Wow you got a lot of fishing in this week. I am jealous.


----------



## Big_Fish (Dec 10, 2006)

Cool, I have also suffered bass thumb.


----------



## tgaud11 (Sep 30, 2008)

man...looks like you have those bass dialed in!!!


----------



## phishphood (Dec 15, 2006)

Now you have to wait for that thumb to heal to finish the baseboards. ;D


----------



## Green_Hornet (Nov 1, 2008)

I wish I had a week like that!
Nice job!


----------



## mark_gardner (Mar 18, 2009)

nice report and congrats on being able to ditch the baseboard routine in favor of knocking out some fresh water action. i think i'm gonna try to get my rat out and ready for the lake down the street. next week i'll be working on the backside of a house that sits right on it.... talk aout waving a candy in front of a baby ;D


----------



## HaMm3r (Dec 11, 2006)

> Wow you got a lot of fishing in this week. I am jealous.


Yeah, that was almost too much fishing...by the end of the week I found myself getting irate at stuff I'd normally just laugh about. :-[



> Cool, I have also suffered bass thumb.


Almost healed up now. Should be ready for more action here soon.  



> man...looks like you have those bass dialed in!!!


 ;D Thanks, but don't forget we a couple really bad days too.

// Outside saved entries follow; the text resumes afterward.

(* There exist a separable Hilbert space $\mathcal{H}$, a finite collection $\mathcal{A}=\{A_1,\dots,A_K\}$ of self-adjoint operators, a nonnegative lower semicontinuous cost $c:\mathbb{R}^K\times\mathbb{R}^K\to[0,\infty)$, and states $\rho,\omega\in\mathcal{S}(\mathcal{H})$ such that $$\inf\Big\{\mathrm{tr}\big[\Gamma C_c^{(\mathcal{A})}\big]\ \Big|\ \Gamma\in\mathcal{S}\big((\mathcal{H}\otimes\mathcal{H}^* )^{\otimes K}\big),\ (\Gamma)_{2k-1}=\omega,\ (\Gamma)_{2k}=\rho^T\ \forall k\Big\}<\inf\Big\{\mathrm{tr}\big[\Pi^{\otimes K}C_c^{(\mathcal{A})}\big]\ \Big|\ \Pi\in\mathcal{C}(\rho,\omega)\Big\}.$$
   Context: $\mathcal{H}^*$ is the dual of $\mathcal{H}$; $A^T$ is the operator on $\mathcal{H}^*$ with $(A^T\eta)(\varphi)=\eta(A\varphi)$. $\mathcal{S}(\mathcal{K})$ is the set of states on $\mathcal{K}$. $\mathcal{C}(\rho,\omega)=\{\Pi\in\mathcal{S}(\mathcal{H}\otimes\mathcal{H}^* ):\mathrm{tr}_{\mathcal{H}^*}[\Pi]=\omega,\ \mathrm{tr}_{\mathcal{H}}[\Pi]=\rho^T\}$. With $E_k$ the spectral measure of $A_k$, $C_c^{(\mathcal{A})}=\iint c(x_1,\dots,x_K,y_1,\dots,y_K)\,dE_1(y_1)\otimes dE_1^T(x_1)\otimes\cdots\otimes dE_K(y_K)\otimes dE_K^T(x_K)$ on $(\mathcal{H}\otimes\mathcal{H}^* )^{\otimes K}$, where $\Pi^{\otimes K}$ is viewed as an operator on $(\mathcal{H}\otimes\mathcal{H}^* )^{\otimes K}$. Numbering the $2K$ tensor factors $1,\dots,2K$, $(\Gamma)_{2k-1}$ (resp. $(\Gamma)_{2k}$) is the partial trace of $\Gamma$ over all factors except the $(2k-1)$-th (resp. $2k$-th). *)

From HB Require Import structures.
From mathcomp Require Import all_boot all_order all_algebra.
From mathcomp Require Import all_classical all_reals all_analysis.
From mathcomp Require Import complex.
Set Implicit Arguments. Unset Strict Implicit. Unset Printing Implicit Defensive.
Import Order.TTheory GRing.Theory Num.Theory.
Import numFieldNormedType.Exports.
Local Open Scope ring_scope.

(* Finite-dimensional model: H = C^n with orthonormal basis indexed by 'I_n;
   the dual H^* is identified with C^n via the dual basis.  An operator on a
   finite-dimensional Hilbert space with orthonormal basis indexed by the
   finType T is given by its matrix entries  M i j = <e_i, M e_j>. *)
Definition Op (R : realType) (T : finType) := T -> T -> R[i].

Section QOT.
Variable R : realType.
Local Notation C := R[i].

Definition opmul (T : finType) (M N : Op R T) : Op R T :=
  fun i j => \sum_(l : T) M i l * N l j.

Definition optrace (T : finType) (M : Op R T) : C := \sum_(i : T) M i i.

Definition optr (T : finType) (M : Op R T) : Op R T := fun i j => M j i.

Definition selfadjoint (T : finType) (M : Op R T) : Prop :=
  forall i j, M j i = conjc (M i j).

Definition psd (T : finType) (M : Op R T) : Prop :=
  forall v : T -> C, 0 <= \sum_(i : T) \sum_(j : T) conjc (v i) * M i j * v j.

Definition is_state (T : finType) (M : Op R T) : Prop :=
  psd M /\ optrace M = 1.

(* Spectral measure of a self-adjoint A on C^n, given as a projection-valued
   measure  E(B) = \sum_(j | lam j \in B) P j  with P j mutually orthogonal
   orthogonal projections summing to the identity and A = \int x dE(x). *)
Definition spectral_resolution (n : nat) (A : Op R 'I_n)
  (lam : 'I_n -> R) (P : 'I_n -> Op R 'I_n) : Prop :=
  [/\ forall j, selfadjoint (P j),
      forall j, opmul (P j) (P j) = P j,
      forall j j', j != j' -> opmul (P j) (P j') = (fun _ _ => 0),
      (fun a b => \sum_(j : 'I_n) P j a b) = (fun a b => (a == b)%:R)
    & A = (fun a b => \sum_(j : 'I_n) ((lam j)%:C)%C * P j a b)].

(* basis index of (H (x) H^* )^{(x) K}: for each k, the pair
   (index in the (2k-1)-th factor H, index in the 2k-th factor H^* ) *)
Definition idx (n K : nat) := {ffun 'I_K -> 'I_n * 'I_n}.

Definition upd (n K : nat) (i : idx n K) (k : 'I_K) (p : 'I_n * 'I_n) : idx n K :=
  [ffun l => if l == k then p else i l].

(* (Gamma)_{2k-1}: partial trace over all factors but the (2k-1)-th (a copy of H) *)
Definition marg_odd (n K : nat) (G : Op R (idx n K)) (k : 'I_K) : Op R 'I_n :=
  fun a b => \sum_(i : idx n K | (i k).1 == a) G i (upd i k (b, (i k).2)).

(* (Gamma)_{2k}: partial trace over all factors but the 2k-th (a copy of H^* ) *)
Definition marg_even (n K : nat) (G : Op R (idx n K)) (k : 'I_K) : Op R 'I_n :=
  fun x x' => \sum_(i : idx n K | (i k).2 == x) G i (upd i k ((i k).1, x')).

Definition ptr_dual (n : nat) (Pi : Op R ('I_n * 'I_n)%type) : Op R 'I_n :=
  fun a b => \sum_(x : 'I_n) Pi (a, x) (b, x).
Definition ptr_H (n : nat) (Pi : Op R ('I_n * 'I_n)%type) : Op R 'I_n :=
  fun x x' => \sum_(a : 'I_n) Pi (a, x) (a, x').

Definition couplings (n : nat) (rho omega : Op R 'I_n) : set (Op R ('I_n * 'I_n)%type) :=
  [set Pi | is_state Pi /\ ptr_dual Pi = omega /\ ptr_H Pi = optr rho].

Definition tenspow (n K : nat) (Pi : Op R ('I_n * 'I_n)%type) : Op R (idx n K) :=
  fun i j => \prod_(k : 'I_K) Pi (i k) (j k).

(* C_c^{(A)} = \int c(x_1..x_K, y_1..y_K)
      dE_1(y_1) (x) dE_1^T(x_1) (x) ... (x) dE_K(y_K) (x) dE_K^T(x_K),
   with E_k the spectral measure described by (lam k, P k). *)
Definition Ccost (n K : nat) (lam : 'I_K -> 'I_n -> R) (P : 'I_K -> 'I_n -> Op R 'I_n)
  (c : 'rV[R]_K * 'rV[R]_K -> R) : Op R (idx n K) :=
  fun i j => \sum_(a : {ffun 'I_K -> 'I_n}) \sum_(b : {ffun 'I_K -> 'I_n})
     ((c (\row_k lam k (b k), \row_k lam k (a k)))%:C)%C *
     \prod_(k : 'I_K) (P k (a k) (i k).1 (j k).1 * optr (P k (b k)) (i k).2 (j k).2).

Definition value_free (n K : nat) (rho omega : Op R 'I_n) (Cc : Op R (idx n K)) : R :=
  inf [set t : R | exists G : Op R (idx n K),
        [/\ is_state G, forall k, marg_odd G k = omega,
            forall k, marg_even G k = optr rho
          & t = complex.Re (optrace (opmul G Cc))]].

Definition value_prod (n K : nat) (rho omega : Op R 'I_n) (Cc : Op R (idx n K)) : R :=
  inf [set t : R | exists Pi, couplings rho omega Pi /\
        t = complex.Re (optrace (opmul (@tenspow n K Pi) Cc))].

End QOT.

From HB Require Import structures.
From mathcomp Require Import all_boot all_order all_algebra.
From mathcomp Require Import all_classical all_reals all_analysis.
From mathcomp Require Import complex.
From mathcomp Require Import ring lra.
Import Order.TTheory GRing.Theory Num.Theory.
Import numFieldNormedType.Exports.
Local Open Scope ring_scope.

(* A state on the 2K factors only has to reproduce the one-body marginals, so
   it may copy one classical coupling pi of omega and rho^T into all K slots,
   Gamma = sum_p pi_p |p,...,p><p,...,p|.  For a cost that penalises
   disagreement between the K outcomes on the dual factors such a copy costs
   nothing.  A product Pi^(x)K instead makes these K outcomes independent, each
   distributed according to the diagonal of rho^T; for rho = 1/2 on C^2 two
   independent outcomes disagree with probability 1/2.  All operators involved
   are diagonal in the standard basis, so the computation is classical. *)

Set Implicit Arguments. Unset Strict Implicit. Unset Printing Implicit Defensive.

Lemma sum_delta_l (R : pzSemiRingType) (T : finType) (a : T) (F : T -> R) :
  \sum_j (a == j)%:R * F j = F a.
Proof.
rewrite (bigD1 a) //= big1 => [|j /negbTE aj]; first by rewrite eqxx mul1r addr0.
by rewrite eq_sym aj mul0r.
Qed.

Lemma sum_natb_eq (R : pzSemiRingType) (T : finType) (P : pred T) (a : T) :
  \sum_(i | P i) (i == a)%:R = (P a)%:R :> R.
Proof.
case: (boolP (P a)) => Pa; last first.
  by rewrite big1 // => i Pi; case: eqVneq => // ia; move: Pa; rewrite -ia Pi.
by rewrite (bigD1 a) //= eqxx big1 ?addr0 // => i /andP[_ /negbTE ->].
Qed.

Lemma prod_delta (R : comPzSemiRingType) (I T : finType) (f : I -> T) (g : {ffun I -> T}) :
  \prod_k (f k == g k)%:R = ([ffun k => f k] == g)%:R :> R.
Proof.
case: ([ffun k => f k] =P g) => [<-|fg]; first by rewrite big1 // => k _; rewrite ffunE eqxx.
have [k /negbTE fgk] : exists k, f k != g k.
  apply/existsP; rewrite -negb_forall; apply/negP => /forallP fg_eq.
  by apply: fg; apply/ffunP => k; rewrite ffunE; exact/eqP/fg_eq.
by rewrite (bigD1 k) //= fgk mul0r.
Qed.

Lemma sum_pair_fst (R : pzSemiRingType) (T1 T2 : finType) (a : T1) (F : T1 * T2 -> R) :
  \sum_(p | p.1 == a) F p = \sum_x F (a, x).
Proof.
rewrite -(big_pred1_eq +%R a (fun b => \sum_x F (b, x))) pair_big_dep /=.
by apply: eq_big => [[b x]|[b x] _] //=; rewrite andbT.
Qed.

Lemma sum_pair_snd (R : pzSemiRingType) (T1 T2 : finType) (x : T2) (F : T1 * T2 -> R) :
  \sum_(p | p.2 == x) F p = \sum_a F (a, x).
Proof.
under [RHS]eq_bigr => a _ do rewrite -(big_pred1_eq +%R x (fun y => F (a, y))).
by rewrite pair_big_dep /=; apply: eq_big => [[a y]|[a y] _].
Qed.

Lemma ord2P (k : 'I_2) : k = ord0 \/ k = ord_max.
Proof. by case: k => [[|[|k]] Hk]; [left|right|]; rewrite //; exact: val_inj. Qed.

Lemma sum_ord2 (V : nmodType) (F : 'I_2 -> V) : \sum_(x < 2) F x = F ord0 + F ord_max.
Proof. by rewrite !big_ord_recl big_ord0 addr0; congr (_ + F _); exact: val_inj. Qed.

Lemma sum_ffun_ord2 (T : finType) (V : nmodType) (F : {ffun 'I_2 -> T} -> V) :
  \sum_f F f = \sum_x \sum_y F [ffun k => if k == ord0 then x else y].
Proof.
pose ffun2 (p : T * T) := [ffun k : 'I_2 => if k == ord0 then p.1 else p.2].
rewrite pair_bigA /= (reindex ffun2) //=.
exists (fun f => (f ord0, f ord_max)) => [[x y] _|f _] /=; first by rewrite !ffunE.
by apply/ffunP => k; rewrite ffunE; case: (ord2P k) => ->.
Qed.

Section DiagonalOperators.
Variables (R : realType) (T : finType).
Local Notation C := R[i].
Implicit Types (d e : T -> C).

Definition diagop d : Op R T := fun i j => (i == j)%:R * d i.

Lemma trace_diagop d : optrace (diagop d) = \sum_i d i.
Proof. by apply: eq_bigr => i _; rewrite /diagop eqxx mul1r. Qed.

Lemma diagop_state d : (forall i, 0 <= d i) -> \sum_i d i = 1 -> is_state (diagop d).
Proof.
move=> d_ge0 d_sum1; split; last by rewrite trace_diagop.
move=> v; apply: sumr_ge0 => i _.
rewrite (bigD1 i) //= big1 => [|j /negbTE ji]; last first.
  by rewrite /diagop eq_sym ji mul0r mulr0 mul0r.
rewrite addr0 /diagop eqxx mul1r mulrAC.
by apply: mulr_ge0 => //; rewrite mulrC; exact: mul_conjC_ge0.
Qed.

Lemma trace_mul_diagop (M : Op R T) d : optrace (opmul M (diagop d)) = \sum_i M i i * d i.
Proof.
apply: eq_bigr => i _; rewrite /opmul (bigD1 i) //= big1 ?addr0 => [|l li].
  by rewrite /diagop eqxx mul1r.
by rewrite /diagop (negbTE li) mul0r mulr0.
Qed.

> Now you have to wait for that thumb to heal to finish the baseboards. ;D


Nope...finished them on Saturday.  I've just got 44 feet more to go, and the whole house will be done.
[smiley=supercool.gif]



> I wish I had a week like that!
> Nice job!


Thank you! 



> nice report and congrats on being able to ditch the baseboard routine in favor of knocking out some fresh water action. i think i'm gonna try to get my rat out and ready for the lake down the street. next week i'll be working on the backside of a house that sits right on it.... talk aout waving a candy in front of a baby ;D


Be sure to post a report and let us know how you did.


----------



## Canoeman (Jul 23, 2008)

I need an IT job. You fish more than I do. Good work.


----------